Exercise details. For this exercise, return exactly the lines of the material below that begin at the one with "exact: cvg_lim." and stop after the one with "- have nearE : \near x, (0".
*** The data ***
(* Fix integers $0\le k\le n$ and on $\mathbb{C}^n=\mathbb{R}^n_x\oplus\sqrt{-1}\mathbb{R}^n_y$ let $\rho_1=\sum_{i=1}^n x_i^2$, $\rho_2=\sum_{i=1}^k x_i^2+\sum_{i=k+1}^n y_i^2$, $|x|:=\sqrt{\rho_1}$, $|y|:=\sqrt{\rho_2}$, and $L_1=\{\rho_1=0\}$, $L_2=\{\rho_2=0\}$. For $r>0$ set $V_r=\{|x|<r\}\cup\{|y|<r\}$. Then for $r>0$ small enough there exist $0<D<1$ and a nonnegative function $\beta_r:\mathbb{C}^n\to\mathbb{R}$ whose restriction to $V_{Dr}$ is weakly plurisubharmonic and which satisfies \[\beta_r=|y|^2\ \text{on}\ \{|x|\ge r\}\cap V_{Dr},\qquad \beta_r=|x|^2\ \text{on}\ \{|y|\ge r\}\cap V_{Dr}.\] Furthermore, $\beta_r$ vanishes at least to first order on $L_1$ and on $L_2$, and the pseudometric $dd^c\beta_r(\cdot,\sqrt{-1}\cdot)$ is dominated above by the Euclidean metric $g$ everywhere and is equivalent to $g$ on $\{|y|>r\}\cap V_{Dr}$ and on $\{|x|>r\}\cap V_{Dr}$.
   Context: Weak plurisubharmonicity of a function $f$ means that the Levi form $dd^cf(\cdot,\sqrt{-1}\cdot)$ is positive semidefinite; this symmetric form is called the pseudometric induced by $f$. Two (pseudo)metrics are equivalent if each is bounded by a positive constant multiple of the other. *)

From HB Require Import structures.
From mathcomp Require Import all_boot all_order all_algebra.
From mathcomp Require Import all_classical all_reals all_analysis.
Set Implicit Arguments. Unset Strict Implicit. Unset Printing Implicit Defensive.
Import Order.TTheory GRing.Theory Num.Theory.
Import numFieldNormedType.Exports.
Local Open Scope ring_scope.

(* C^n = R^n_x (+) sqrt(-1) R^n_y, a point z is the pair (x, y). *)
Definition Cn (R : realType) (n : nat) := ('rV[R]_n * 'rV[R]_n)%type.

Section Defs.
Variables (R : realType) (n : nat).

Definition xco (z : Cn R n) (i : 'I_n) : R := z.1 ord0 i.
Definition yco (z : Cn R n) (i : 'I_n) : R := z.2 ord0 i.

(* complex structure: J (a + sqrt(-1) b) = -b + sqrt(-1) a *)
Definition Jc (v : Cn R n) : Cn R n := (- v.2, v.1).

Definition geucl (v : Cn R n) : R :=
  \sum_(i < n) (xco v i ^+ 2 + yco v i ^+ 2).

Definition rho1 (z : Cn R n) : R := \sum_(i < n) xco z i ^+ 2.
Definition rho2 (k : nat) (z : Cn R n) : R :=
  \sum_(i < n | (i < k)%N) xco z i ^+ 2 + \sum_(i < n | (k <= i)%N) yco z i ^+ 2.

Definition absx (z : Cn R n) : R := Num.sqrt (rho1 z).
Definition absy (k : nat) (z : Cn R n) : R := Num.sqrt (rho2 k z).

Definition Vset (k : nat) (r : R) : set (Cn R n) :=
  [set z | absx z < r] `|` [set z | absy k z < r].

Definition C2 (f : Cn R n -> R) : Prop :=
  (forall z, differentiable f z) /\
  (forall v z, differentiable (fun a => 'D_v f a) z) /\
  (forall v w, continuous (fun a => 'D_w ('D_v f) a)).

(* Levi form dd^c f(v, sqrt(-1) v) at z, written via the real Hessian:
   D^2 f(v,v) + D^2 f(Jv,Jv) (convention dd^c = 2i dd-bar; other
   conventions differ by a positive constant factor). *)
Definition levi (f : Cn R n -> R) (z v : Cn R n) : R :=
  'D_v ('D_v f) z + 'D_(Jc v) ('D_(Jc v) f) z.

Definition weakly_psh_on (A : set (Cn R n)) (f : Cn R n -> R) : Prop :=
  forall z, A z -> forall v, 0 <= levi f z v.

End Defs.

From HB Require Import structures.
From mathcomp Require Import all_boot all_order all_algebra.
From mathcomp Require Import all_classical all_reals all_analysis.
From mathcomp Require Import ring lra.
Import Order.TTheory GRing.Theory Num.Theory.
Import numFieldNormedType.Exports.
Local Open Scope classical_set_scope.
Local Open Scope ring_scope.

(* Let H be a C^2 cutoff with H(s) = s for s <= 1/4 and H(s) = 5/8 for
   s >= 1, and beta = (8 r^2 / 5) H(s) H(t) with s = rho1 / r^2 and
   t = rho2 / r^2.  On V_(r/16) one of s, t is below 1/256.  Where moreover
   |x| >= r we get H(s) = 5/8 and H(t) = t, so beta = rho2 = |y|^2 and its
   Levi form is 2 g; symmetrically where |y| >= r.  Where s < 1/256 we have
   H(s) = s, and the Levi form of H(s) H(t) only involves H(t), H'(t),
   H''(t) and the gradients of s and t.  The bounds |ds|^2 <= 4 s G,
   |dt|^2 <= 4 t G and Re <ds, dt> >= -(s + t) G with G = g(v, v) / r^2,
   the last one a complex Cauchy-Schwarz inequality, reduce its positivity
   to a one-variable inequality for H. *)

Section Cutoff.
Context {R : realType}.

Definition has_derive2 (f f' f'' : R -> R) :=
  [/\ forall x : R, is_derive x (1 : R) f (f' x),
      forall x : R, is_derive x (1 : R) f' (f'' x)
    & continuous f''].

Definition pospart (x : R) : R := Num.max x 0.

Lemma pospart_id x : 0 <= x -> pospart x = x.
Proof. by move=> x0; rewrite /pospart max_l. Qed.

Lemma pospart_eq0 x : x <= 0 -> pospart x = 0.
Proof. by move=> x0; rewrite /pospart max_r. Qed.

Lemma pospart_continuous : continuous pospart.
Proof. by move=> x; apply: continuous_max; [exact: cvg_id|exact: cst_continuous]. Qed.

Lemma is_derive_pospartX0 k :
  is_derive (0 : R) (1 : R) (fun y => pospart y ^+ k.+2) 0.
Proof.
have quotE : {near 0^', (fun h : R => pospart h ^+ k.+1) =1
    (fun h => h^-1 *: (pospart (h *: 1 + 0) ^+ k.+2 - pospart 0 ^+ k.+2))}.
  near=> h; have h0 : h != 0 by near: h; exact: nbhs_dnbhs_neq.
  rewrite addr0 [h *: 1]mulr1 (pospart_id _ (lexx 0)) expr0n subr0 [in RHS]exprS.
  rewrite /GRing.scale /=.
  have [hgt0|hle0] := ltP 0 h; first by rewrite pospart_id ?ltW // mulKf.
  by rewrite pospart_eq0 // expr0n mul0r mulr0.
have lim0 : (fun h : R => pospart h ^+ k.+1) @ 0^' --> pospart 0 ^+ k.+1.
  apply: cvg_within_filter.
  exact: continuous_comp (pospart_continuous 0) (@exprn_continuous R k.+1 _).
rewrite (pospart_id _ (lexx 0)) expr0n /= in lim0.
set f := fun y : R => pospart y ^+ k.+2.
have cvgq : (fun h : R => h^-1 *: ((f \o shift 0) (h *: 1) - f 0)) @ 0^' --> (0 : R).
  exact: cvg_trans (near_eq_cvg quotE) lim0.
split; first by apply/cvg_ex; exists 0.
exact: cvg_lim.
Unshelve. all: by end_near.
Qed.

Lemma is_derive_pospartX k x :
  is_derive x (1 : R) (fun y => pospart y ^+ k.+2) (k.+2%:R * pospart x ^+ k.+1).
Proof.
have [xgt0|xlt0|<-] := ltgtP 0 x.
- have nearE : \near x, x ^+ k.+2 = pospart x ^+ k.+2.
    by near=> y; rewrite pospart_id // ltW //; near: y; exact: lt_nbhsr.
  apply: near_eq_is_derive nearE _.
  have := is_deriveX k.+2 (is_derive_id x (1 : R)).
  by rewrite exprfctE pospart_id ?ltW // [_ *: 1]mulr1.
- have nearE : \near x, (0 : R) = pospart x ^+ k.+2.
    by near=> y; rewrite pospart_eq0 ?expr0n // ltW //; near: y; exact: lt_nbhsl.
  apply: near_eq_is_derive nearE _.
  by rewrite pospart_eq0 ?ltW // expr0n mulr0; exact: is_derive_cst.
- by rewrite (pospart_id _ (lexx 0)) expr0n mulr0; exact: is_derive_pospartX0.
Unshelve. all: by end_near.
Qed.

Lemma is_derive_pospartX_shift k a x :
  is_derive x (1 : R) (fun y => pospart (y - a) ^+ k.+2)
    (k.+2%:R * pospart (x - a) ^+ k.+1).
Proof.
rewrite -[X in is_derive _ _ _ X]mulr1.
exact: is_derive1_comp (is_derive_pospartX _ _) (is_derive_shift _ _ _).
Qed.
*** End of The data ***
Answer to this task.
exact: cvg_lim.
Unshelve. all: by end_near.
Qed.

Lemma is_derive_pospartX k x :
  is_derive x (1 : R) (fun y => pospart y ^+ k.+2) (k.+2%:R * pospart x ^+ k.+1).
Proof.
have [xgt0|xlt0|<-] := ltgtP 0 x.
- have nearE : \near x, x ^+ k.+2 = pospart x ^+ k.+2.
    by near=> y; rewrite pospart_id // ltW //; near: y; exact: lt_nbhsr.
  apply: near_eq_is_derive nearE _.
  have := is_deriveX k.+2 (is_derive_id x (1 : R)).
  by rewrite exprfctE pospart_id ?ltW // [_ *: 1]mulr1.
- have nearE : \near x, (0 : R) = pospart x ^+ k.+2.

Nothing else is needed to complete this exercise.